====== Data to process ======

(* Let xi be given, write g for its restriction to P, g1 for the restriction
   of xi_1, and U(z), U'(z) for xi^{+up}(z), xi^{+'up}(z).  The proof rests on
   two recursions:
   - U(z) = g(z) + U'(z), and U'(z) is the maximum of U(w) over the covers w
     of z (0 if z is maximal);
   - the maximal chains of P are exactly the sets {z_0 <. ... <. z_s} with z_0
     minimal and z_s maximal, so max_C g^+(C) is the maximum of U(z) over the
     minimal elements z (0 if P is empty).
   Since u |-> floor(u/n) is nondecreasing it commutes with maxima of lists;
   by induction along the covering relation (from the top of P) this gives
   U_{g1}(z) = floor(U(z)/n), and then the equality of maximal chain sums.
   Part (b) follows from floor((n e + a)/n) = e + floor(a/n); of the
   hypotheses on e and n only n > 0 is needed. *)

Local Open Scope ring_scope.
Local Open Scope order_scope.

Section MaxList.
Set Implicit Arguments. Unset Strict Implicit.

Lemma foldr_max_ub (a : int) l x : x \in a :: l -> x <= foldr Num.max a l.
Proof.
elim: l => [|y l IH] /=; first by rewrite inE => /eqP ->.
rewrite !inE le_max => /or3P[/eqP xa | /eqP -> | xl]; last first.
- by rewrite IH ?inE ?xl ?orbT.
- by rewrite lexx.
- by rewrite IH ?inE ?xa ?eqxx ?orbT.
Qed.

Lemma foldr_max_mem (a : int) l : foldr Num.max a l \in a :: l.
Proof.
elim: l => [|y l IH] /=; first by rewrite inE.
rewrite /Num.max; case: ifP => _; first by move: IH; rewrite !inE => /orP[]->; rewrite ?orbT.
by rewrite !inE eqxx orbT.
Qed.

Lemma maxl_ub (l : seq int) x : x \in l -> x <= maxl l.
Proof. by case: l => // a l xl; apply: foldr_max_ub; rewrite inE xl orbT. Qed.

Lemma maxl_mem (l : seq int) : l != [::] -> maxl l \in l.
Proof.
case: l => // a l _; have := foldr_max_mem a (a :: l).
by rewrite /maxl /= inE => /orP[/eqP ->|]; rewrite ?mem_head.
Qed.

Lemma maxl_le (l1 l2 : seq int) : l1 != [::] ->
  {in l1, forall x, exists2 y, y \in l2 & x <= y} -> maxl l1 <= maxl l2.
Proof.
move=> /maxl_mem m1 dom; have [y yl2 le_y] := dom _ m1.
exact: le_trans le_y (maxl_ub yl2).
Qed.

(* Nondecreasing maps commute with maxima (maxl [::] = 0 must be preserved). *)
Lemma maxl_map_mono (F : int -> int) (l : seq int) :
  {homo F : x y / x <= y} -> (l = [::] -> F 0 = 0) -> maxl (map F l) = F (maxl l).
Proof.
case: l => [_ F0|a l homF _]; first by rewrite F0.
apply: le_anti; apply/andP; split.
  have /mapP[x xl ->] := @maxl_mem (map F (a :: l)) isT.
  exact/homF/maxl_ub.
exact/maxl_ub/map_f/maxl_mem.
Qed.

End MaxList.

Section Poset.
Context {d : Order.disp_t} {P : finPOrderType d}.
Set Implicit Arguments. Unset Strict Implicit.
Implicit Types (x y z v w c : P) (s : seq P) (C D : {set P}) (g : P -> int).

Definition minimal z : bool := [forall y, ~~ (y < z)].

Lemma covers_lt z w : covers z w -> z < w.
Proof. by case/andP. Qed.

Lemma exists_minimal_in (A : {set P}) x0 : x0 \in A ->
  exists2 z, z \in A & forall y, y \in A -> ~~ (y < z).
Proof.
move=> x0A; pose below y := #|[set v | v < y]|.
case: (arg_minnP below x0A) => z zA zmin; exists z => // y yA; apply/negP => yz.
have := zmin y yA; rewrite leqNgt => /negP; apply; apply: proper_card.
apply/properP; split; first by apply/subsetP => u; rewrite !inE => /lt_trans; apply.
by exists y; rewrite !inE ?yz ?ltxx.
Qed.

(* Induction along the covering relation, downwards from the maximal elements:
   the strict upper set of z strictly shrinks when passing to a cover. *)
Lemma covers_ind (Q : P -> Prop) :
  (forall z, (forall w, covers z w -> Q w) -> Q z) -> forall z, Q z.
Proof.
move=> IH z; have [k] := ubnP #|[set y | z < y]|.
elim: k z => // k IHk z zk; apply: IH => w /covers_lt zw; apply: IHk.
rewrite ltnS in zk; apply: (leq_trans _ zk); apply: proper_card; apply/properP; split.
  by apply/subsetP => y; rewrite !inE; apply: lt_trans.
by exists w; rewrite !inE ?zw ?ltxx.
Qed.

Lemma exists_cover z : ~~ maxelt z -> exists w, covers z w.
Proof.
case/forallPn => y0; rewrite negbK => zy0.
have [|w] := @exists_minimal_in [set y | z < y] y0; first by rewrite inE.
rewrite inE => zw wmin; exists w; rewrite /covers zw; apply/forallP => v.
by apply/negP => /andP[zv vw]; move: (wmin v); rewrite inE zv vw => /(_ isT).
Qed.

Lemma upchain_nil z : upchain z [::] = maxelt z.
Proof. by []. Qed.

Lemma upchain_cons z w s : upchain z (w :: s) = covers z w && upchain w s.
Proof. by rewrite /upchain /= andbA. Qed.

Lemma upchain_maxelt z s : maxelt z -> upchain z s -> s = [::].
Proof.
case: s => // w s /forallP/(_ w) zw; rewrite upchain_cons => /andP[/covers_lt].
by rewrite (negbTE zw).
Qed.

Lemma upchain_path z s : upchain z s -> path <%O z s.
Proof. by case/andP => + _; apply: sub_path => x y /covers_lt. Qed.

Lemma upchain_ge z s : upchain z s -> {in z :: s, forall c, z <= c}.
Proof.
move=> /upchain_path/(order_path_min lt_trans)/allP zs c.
by rewrite inE => /orP[/eqP -> // | /zs /ltW].
Qed.

Lemma upchain_uniq z s : upchain z s -> uniq (z :: s).
Proof.
move/upchain_path => zs.
exact: (sorted_uniq (@lt_trans _ P) (@ltxx _ P) (zs : sorted _ (z :: s))).
Qed.

Lemma exists_upchain z : exists s, upchain z s.
Proof.
elim/covers_ind: z => z IH; case/boolP: (maxelt z) => zmax.
  by exists [::]; rewrite upchain_nil.
have [w zw] := exists_cover zmax; have [s ws] := IH w zw.
by exists (w :: s); rewrite upchain_cons zw.
Qed.

(* The enumeration upchains z is exhaustive: upchains are shorter than #|P|. *)
Lemma mem_upchains z s : (s \in upchains z) = upchain z s.
Proof.
rewrite /upchains mem_filter andb_idr // => zs; apply/flattenP.
have size_s : (size s < #|P|.+1)%N.
  have := max_card (mem (z :: s)); rewrite (card_uniqP (upchain_uniq zs)) /=.
  by rewrite ltnS; apply: ltnW.
exists [seq tval t | t : (size s).-tuple P]; first by apply/mapP; exists (size s); rewrite ?mem_iota.
by rewrite [X in X \in _](_ : s = in_tuple s) //; apply: map_f; rewrite mem_enum.
Qed.

Lemma upchains_nonnil z : upchains z != [::].
Proof.
have [s zs] := exists_upchain z; apply/eqP => E.
by move: zs; rewrite -mem_upchains E.
Qed.

Lemma upsum_ub g z s : upchain z s -> \sum_(x <- z :: s) g x <= upsum g z.
Proof. by move=> zs; apply/maxl_ub/map_f; rewrite mem_upchains. Qed.

Lemma upsum_attained g z :
  exists2 s, upchain z s & upsum g z = \sum_(x <- z :: s) g x.
Proof.
have /mapP[s] : upsum g z \in [seq \sum_(x <- z :: s) g x | s <- upchains z].
  by apply: maxl_mem; rewrite -size_eq0 size_map size_eq0; apply: upchains_nonnil.
by rewrite mem_upchains => zs ->; exists s.
Qed.

Lemma upsumE g z : upsum g z = g z + upsum' g z.
Proof.
rewrite /upsum /upsum' -(@maxl_map_mono (+%R (g z))); first 1 last.
- by move=> x y; rewrite lerD2l.
- by move/eqP; rewrite -size_eq0 size_map size_eq0 (negbTE (upchains_nonnil z)).
by rewrite -map_comp; congr maxl; apply: eq_map => s; rewrite /= big_cons.
Qed.

Lemma upsum'_maxelt g z : maxelt z -> upsum' g z = 0.
Proof.
move=> zmax; have /mapP[s] : upsum' g z \in [seq \sum_(x <- s) g x | s <- upchains z].
  by apply: maxl_mem; rewrite -size_eq0 size_map size_eq0; apply: upchains_nonnil.
by rewrite mem_upchains => /(upchain_maxelt zmax) -> ->; rewrite big_nil.
Qed.

Lemma upsum'E g z :
  upsum' g z = maxl [seq upsum g w | w <- enum [pred w | covers z w]].
Proof.
case/boolP: (maxelt z) => zmax.
  suff -> : enum [pred w | covers z w] = [::] by rewrite upsum'_maxelt.
  apply: size0nil; rewrite -cardE; apply: eq_card0 => w; rewrite !inE.
  by apply/negbTE/negP => /covers_lt; move/forallP: zmax => /(_ w)/negbTE ->.
have [w0 zw0] := exists_cover zmax.
apply: le_anti; apply/andP; split; apply: maxl_le.
- by rewrite -size_eq0 size_map size_eq0; apply: upchains_nonnil.
- move=> x /mapP[[|w s] + ->]; rewrite mem_upchains.
    by rewrite upchain_nil (negbTE zmax).
  rewrite upchain_cons => /andP[zw ws]; exists (upsum g w).
    by apply: map_f; rewrite mem_enum.
  exact: (upsum_ub g ws).
- by rewrite -size_eq0 size_map -cardE -lt0n; apply/card_gt0P; exists w0.
- move=> x /mapP[w + ->]; rewrite mem_enum inE => zw.
  have [s ws ->] := upsum_attained g w.
  exists (\sum_(x <- w :: s) g x) => //.
  by apply: map_f; rewrite mem_upchains upchain_cons zw.
Qed.

(* Theorem (a), first part: U_{g1}(z) = floor(U(z)/n), by induction along
   covers; by construction g1(z) = floor(U(z)/n) - floor(U'(z)/n). *)
Lemma upsum_xi1 (n : nat) (xi : option P -> int) z :
  upsum (restr (xi1 n xi)) z = (upsum (restr xi) z %/ n%:Z)%Z.
Proof.
elim/covers_ind: z => z IH.
have upsum'_xi1 : upsum' (restr (xi1 n xi)) z = (upsum' (restr xi) z %/ n%:Z)%Z.
  rewrite !upsum'E -(@maxl_map_mono (fun u => (u %/ n%:Z)%Z)); last by move=> _; rewrite div0z.
    by rewrite -map_comp; congr maxl; apply/eq_in_map => w; rewrite mem_enum => /IH.
  by move=> x y; apply: lez_pdiv2r.
rewrite upsumE upsum'_xi1 /restr /=; case: ifP => [zmax | _]; last by rewrite subrK.
by rewrite !upsum'_maxelt // div0z !addr0 upsumE upsum'_maxelt // addr0.
Qed.

Definition complete_above z C : Prop :=
  forall v, z <= v -> {in C, forall c, c >=< v} -> v \in C.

======

> **How to complete this task**:
Search the records for the word "cardE", then list every line that has it.

> **Result below**:
  apply: size0nil; rewrite -cardE; apply: eq_card0 => w; rewrite !inE.
- by rewrite -size_eq0 size_map -cardE -lt0n; apply/card_gt0P; exists w0.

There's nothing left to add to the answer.